La palabra “civil” -ahora coletilla inseparable de la palabra “sociedad”- es un buen ejemplo de estas mutaciones y sorpresas. Según el diccionario etimológico deJoan Corominas, civil viene del latín civilis, “propio del ciudadano”. Sin embargo, parece que le tomó bastante tiempo asumir lo que hoy tiene de sociable, de urbano, de civilizado.

Al principio, el castellano “civil” significaba “desestimable”, “mezquino”, “ruin”, “de baja condición y procederes”. La causa puede ser que civilis, en los albores de nuestro idioma, se oponía a militaris, considerado entonces como “lo propio del caballero”. De aquí que por centurias lo “civil” fuera algo villanesco, poco caballeroso, al punto de que aun hoy subsisten vestigios de tan oscuro origen. Entre nuestros militares, decir: “Ese es un civil”, equivale a suponerlo blando, inconsistente, no confiable, decididamente inferior (la misma palabra “centurias”, que utilicé como medida de tiempo, puede también significar “ejército de cien soldados”, lo que nos asoma a una militarización del lenguaje).
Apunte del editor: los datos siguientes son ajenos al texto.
Lemma prox_subseq_cv x0 phi (zinf : vec) :
  T x0 zerov -> subseq phi ->
  (forall i, (i < n)%nat -> is_lim_seq (fun k => z (phi k) i) (zinf i)) ->
  forall i, (i < n)%nat -> is_lim_seq (fun k => w (phi k) i) (zinf i).
Proof.
  intros Hx0 Hphi Hzcv i Hi. assert (Hs : 0 < sqrt lmin) by (apply sqrt_lt_R0, Hlmin).
  set (r k := normM n (M k) (vsub (z k) (w k))).
  assert (Hr : is_lim_seq (fun k => r (phi k)) 0)
    by (apply (is_lim_seq_subseq_strict r 0 phi Hphi), (residual_vanishes x0 Hx0)).
  assert (Hdiff : is_lim_seq (fun k => z (phi k) i - w (phi k) i) 0).
  { apply is_lim_seq_abs_0.
    apply (is_lim_seq_le_le (fun _ => 0) _ (fun k => r (phi k) / sqrt lmin));
      [intros k; split; [apply Rabs_pos | apply prox_coord_close, Hi] | apply is_lim_seq_const|].
    replace (Finite 0) with (Finite (0 / sqrt lmin)) by (f_equal; field; lra).
    apply is_lim_seq_div'; [exact Hr | apply is_lim_seq_const | lra]. }
  replace (Finite (zinf i)) with (Finite (zinf i - 0)) by (f_equal; ring).
  apply (is_lim_seq_ext (fun k => z (phi k) i - (z (phi k) i - w (phi k) i))); [intros; ring|].
  apply is_lim_seq_minus'; [apply Hzcv, Hi | exact Hdiff].
Qed.

Lemma prox_distance_bounded x0 x' : T x0 zerov -> inX n x' ->
  exists W, forall k, normM n (M k) (vsub (w k) x') <= W.
Proof.
  intros Hx0 Hx'. assert (Hx0X := zero_inX x0 Hx0).
  destruct (proj1 (fejer_distance x0 Hx0)) as [A HA].
  exists (A + sqrt (exp Snu * Qf n (M O) (vsub x0 x'))). intros k.
  eapply Rle_trans; [apply (normM_sub_triangle n (M k) _ x0); auto using metric_psd, prox_inX|].
  apply Rplus_le_compat; [eapply Rle_trans; [apply prox_nonexpansive, Hx0 | apply HA]|].
  apply sqrt_le_1_alt, metric_upper, inX_sub; assumption.
Qed.

(** Every cluster point of the iterates is a zero of [T]: it passes the
    maximality test of [T] in the limit of [graph_pairing_bound]. *)
Lemma cluster_point_is_zero x0 phi (zinf : vec) :
  T x0 zerov -> subseq phi -> inX n zinf ->
  (forall i, (i < n)%nat -> is_lim_seq (fun k => z (phi k) i) (zinf i)) ->
  T zinf zerov.
Proof.
  intros Hx0 Hphi HzinfX Hzcv.
  assert (Hwcv := prox_subseq_cv x0 phi zinf Hx0 Hphi Hzcv).
  set (r k := normM n (M k) (vsub (z k) (w k))).
  assert (Hr : is_lim_seq (fun k => r (phi k)) 0)
    by (apply (is_lim_seq_subseq_strict r 0 phi Hphi), (residual_vanishes x0 Hx0)).
  apply (proj2 (proj2 HT)); [exact HzinfX | intros i _; reflexivity|].
  intros x' y' Hxy. destruct (prox_distance_bounded x0 x' Hx0 (proj1 (proj1 HT _ _ Hxy))) as [W HW].
  assert (Hlim : Rbar_le (ip n (vsub zinf x') y') (W * 0 / c0)).
  { apply (is_lim_seq_le (fun k => ip n (vsub (w (phi k)) x') y') (fun k => W * r (phi k) / c0)).
    - intros k. eapply Rle_trans; [apply graph_pairing_bound, Hxy|].
      unfold Rdiv. apply Rmult_le_compat_r; [left; apply Rinv_0_lt_compat, Hc0|].
      apply Rmult_le_compat_r; [apply normM_nonneg | apply HW].
    - apply is_lim_seq_rsum; intros i Hi. unfold vsub.
      apply is_lim_seq_mult'; [apply is_lim_seq_minus'; [apply Hwcv, Hi|]|]; apply is_lim_seq_const.
    - apply is_lim_seq_div'; [apply is_lim_seq_mult'; [apply is_lim_seq_const | exact Hr]
                             | apply is_lim_seq_const | lra]. }
  simpl in Hlim. replace (W * 0 / c0) with 0 in Hlim by (field; lra).
  rewrite ip_sub_r, ip_zero_r. lra.
Qed.

Lemma iterates_cluster_point x0 : T x0 zerov ->
  exists phi (zinf : vec), subseq phi /\ inX n zinf /\
    forall i, (i < n)%nat -> is_lim_seq (fun k => z (phi k) i) (zinf i).
Proof.
  intros Hx0. destruct (iterates_bounded x0 Hx0) as [B HB].
  assert (Hcoord : forall k i, Rabs (z k i) <= B).
  { intros k i. destruct (Nat.lt_ge_cases i n) as [Hi|Hi].
    - eapply Rle_trans; [apply coord_le_enorm, Hi | apply HB].
    - rewrite (HzX k i Hi), Rabs_R0. eapply Rle_trans; [apply sqrt_pos | apply (HB O)]. }
  destruct (Bolzano_Weierstrass_vec z B n Hcoord) as [phi [l [Hphi Hl]]].
  exists phi, (fun i => if Nat.ltb i n then l i else 0). split; [exact Hphi|]. split.
  - intros i Hi. rewrite (proj2 (Nat.ltb_ge i n) Hi). reflexivity.
  - intros i Hi. rewrite (proj2 (Nat.ltb_lt i n) Hi). apply Hl, Hi.
Qed.

Lemma cluster_distance_vanishes phi (zinf : vec) : inX n zinf ->
  (forall i, (i < n)%nat -> is_lim_seq (fun k => z (phi k) i) (zinf i)) ->
  is_lim_seq (fun k => normM n (M (phi k)) (vsub (z (phi k)) zinf)) 0.
Proof.
  intros HzinfX Hzcv. apply is_lim_seq_sqr_0; [intros; apply normM_nonneg|].
  apply (is_lim_seq_le_le (fun _ => 0) _ (fun k => exp Snu * Qf n (M O) (vsub (z (phi k)) zinf))).
  - intros k. assert (Hv := inX_sub _ _ _ (HzX (phi k)) HzinfX).
    rewrite normM_sq by (apply metric_psd || exact Hv).
    split; [apply metric_psd, Hv | apply metric_upper, Hv].
  - apply is_lim_seq_const.
  - replace (Finite 0) with (Finite (exp Snu * 0)) by (f_equal; ring).
    apply is_lim_seq_mult'; [apply is_lim_seq_const|]. apply Qf_cv_0; intros i Hi.
    replace (Finite 0) with (Finite (zinf i - zinf i)) by (f_equal; ring).
    apply is_lim_seq_minus'; [apply Hzcv, Hi | apply is_lim_seq_const].
Qed.

(** The iterates converge to a zero of [T]: the [M_k]-distance to the cluster
    point converges (Fejer) and vanishes along a subsequence, hence tends to 0. *)
Lemma iterates_converge x0 : T x0 zerov ->
  exists zinf, inX n zinf /\ T zinf zerov /\
    is_lim_seq (fun k => enorm n (vsub (z k) zinf)) 0.
Proof.
  intros Hx0. destruct (iterates_cluster_point x0 Hx0) as [phi [zinf [Hphi [HzinfX Hzcv]]]].
  assert (Hzero := cluster_point_is_zero x0 phi zinf Hx0 Hphi HzinfX Hzcv).
  exists zinf. split; [exact HzinfX|]. split; [exact Hzero|].
  set (a k := normM n (M k) (vsub (z k) zinf)).
  destruct (proj2 (fejer_distance zinf Hzero)) as [L HL]. fold a in HL.
  assert (HL0 : L = 0).
  { assert (Hsub0 : is_lim_seq (fun k => a (phi k)) 0)
      by exact (cluster_distance_vanishes phi zinf HzinfX Hzcv).
    assert (H := is_lim_seq_unique _ _ (is_lim_seq_subseq_strict a L phi Hphi HL)).
    rewrite (is_lim_seq_unique _ _ Hsub0) in H. injection H. auto. }
  rewrite HL0 in HL. assert (Hs : sqrt lmin <> 0) by apply Rgt_not_eq, sqrt_lt_R0, Hlmin.
  apply (is_lim_seq_le_le (fun _ => 0) _ (fun k => a k / sqrt lmin)).
  - intros k. split; [apply sqrt_pos | apply enorm_le_normM, inX_sub; auto].
  - apply is_lim_seq_const.
  - replace (Finite 0) with (Finite (0 / sqrt lmin)) by (f_equal; field; exact Hs).
    apply is_lim_seq_div'; [exact HL | apply is_lim_seq_const | exact Hs].
Qed.

End VariableMetricProximalPoint.

Lemma choice_nat {A : Type} (P : nat -> A -> Prop) :
  (forall k, exists a, P k a) -> exists f : nat -> A, forall k, P k (f k).
Proof.
  intros H. exists (fun k => proj1_sig (constructive_indefinite_description _ (H k))).
  intros k. exact (proj2_sig (constructive_indefinite_description _ (H k))).
Qed.

Theorem mainTheorem3
  (n : nat) (T : vec -> vec -> Prop) (c : nat -> R) (M : nat -> mat)
  (nu : nat -> R) (lmin linf : R) (lmax : nat -> R)
  (z : nat -> vec) (eps : nat -> R)
  (HT : maximal_monotone n T)
  (Hc : exists c0, 0 < c0 /\ forall k, c0 <= c k)
  (Hnu : (forall k, 0 <= nu k) /\ exists s, infinite_sum nu s)
  (HMsa : forall k, self_adjoint n (M k))
  (HMpd : forall k, pos_def n (M k))
  (HMdecr : forall k, loewner_le n (M (S k)) (mscale (1 + nu k) (M k)))
  (HMmin : forall k, loewner_le n (mscale lmin idmat) (M k))
  (Hlmax : forall k, is_lambda_max n (M k) (lmax k))
  (Hlinf : limsup_eq lmax linf)
  (Hlpos : 0 < lmin) (Hlle : lmin <= linf)
  (HOmega : exists x, T x zerov)
  (HzX : forall k, inX n (z k))
  (Heps : (forall k, 0 <= eps k) /\ exists s, infinite_sum eps s)
  (HA : forall k, exists w, is_prox n (M k) (c k) T (z k) w /\
                            normM n (M k) (vsub (z (S k)) w) <= eps k) :
  (exists B, forall k, enorm n (z k) <= B) /\
  (exists d : nat -> R,
     (forall k, is_distM n (M k) (z k) (fun x => T x zerov) (d k)) /\
     (forall k, d (S k) <= (1 + nu k) * d k + (1 + nu k) * eps k)) /\
  (exists zinf, inX n zinf /\ T zinf zerov /\
     forall e, 0 < e -> exists N, forall k, (N <= k)%nat -> enorm n (vsub (z k) zinf) < e).
Proof.
  destruct Hc as [c0 [Hc0 Hc]], Hnu as [Hnu [Snu HSnu]], Heps as [Heps [Seps HSeps]].
  destruct HOmega as [x0 Hx0].
  (* the exact proximal points [w k] together with their certificates [t k] *)
  destruct (choice_nat (fun k (p : vec * vec) => T (fst p) (snd p) /\
              (forall i, (i < n)%nat -> mapply n (M k) (z k) i = mapply n (M k) (fst p) i + c k * snd p i) /\
              normM n (M k) (vsub (z (S k)) (fst p)) <= eps k)) as [wt Hwt].
  { intros k. destruct (HA k) as [w [[t [Ht Hres]] Hin]]. exists (w, t). auto. }
  set (w k := fst (wt k)). set (t k := snd (wt k)).
  assert (Hgraph : forall k, T (w k) (t k)) by apply Hwt.
  assert (Hres : forall k i, (i < n)%nat ->
            mapply n (M k) (z k) i = mapply n (M k) (w k) i + c k * t k i) by apply Hwt.
  assert (Hinex : forall k, normM n (M k) (vsub (z (S k)) (w k)) <= eps k) by apply Hwt.
  split; [|split].
  - exact (iterates_bounded n T c c0 M nu Snu lmin z w t eps Seps HT Hc0 Hc Hnu HSnu HMsa
             HMdecr HMmin Hlpos HzX Heps HSeps Hgraph Hres Hinex x0 Hx0).
  - destruct (choice_nat (fun k d => is_distM n (M k) (z k) (fun x => T x zerov) d)) as [d Hd].
    { intros k. apply inf_exists; [intros; apply normM_nonneg | exists x0; exact Hx0]. }
    exists d. split; [exact Hd|].
    exact (distance_recursion n T c c0 M nu lmin z w t eps HT Hc0 Hc Hnu HMsa HMdecr HMmin
             Hlpos HzX Hgraph Hres Hinex d Hd).
  - destruct (iterates_converge n T c c0 M nu Snu lmin z w t eps Seps HT Hc0 Hc Hnu HSnu HMsa
                HMdecr HMmin Hlpos HzX Heps HSeps Hgraph Hres Hinex x0 Hx0)
      as [zinf [HzinfX [Hzero Hcv]]].
    exists zinf. split; [exact HzinfX|]. split; [exact Hzero|].
    exact (is_lim_seq_0_eventually _ Hcv).
Qed.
“Hemos visto multitudes que una vez marcharon sin miedo a morir, pero sin saber qué es lo que realmente se proponían, ni a través de quiénes lo conseguirían, o cómo habría de realizarse tal gesta. Conocemos los resultados”

El mismo Corominas nos explica que este transitar de lo civil, tan desfavorable en el idioma castellano, no se dio en otras lenguas romances como el italiano, el francés o el catalán, tierras igualmente dominadas por el feudalismo, pero donde los oficios ciudadanos tuvieron mayor poder durante la Edad Media.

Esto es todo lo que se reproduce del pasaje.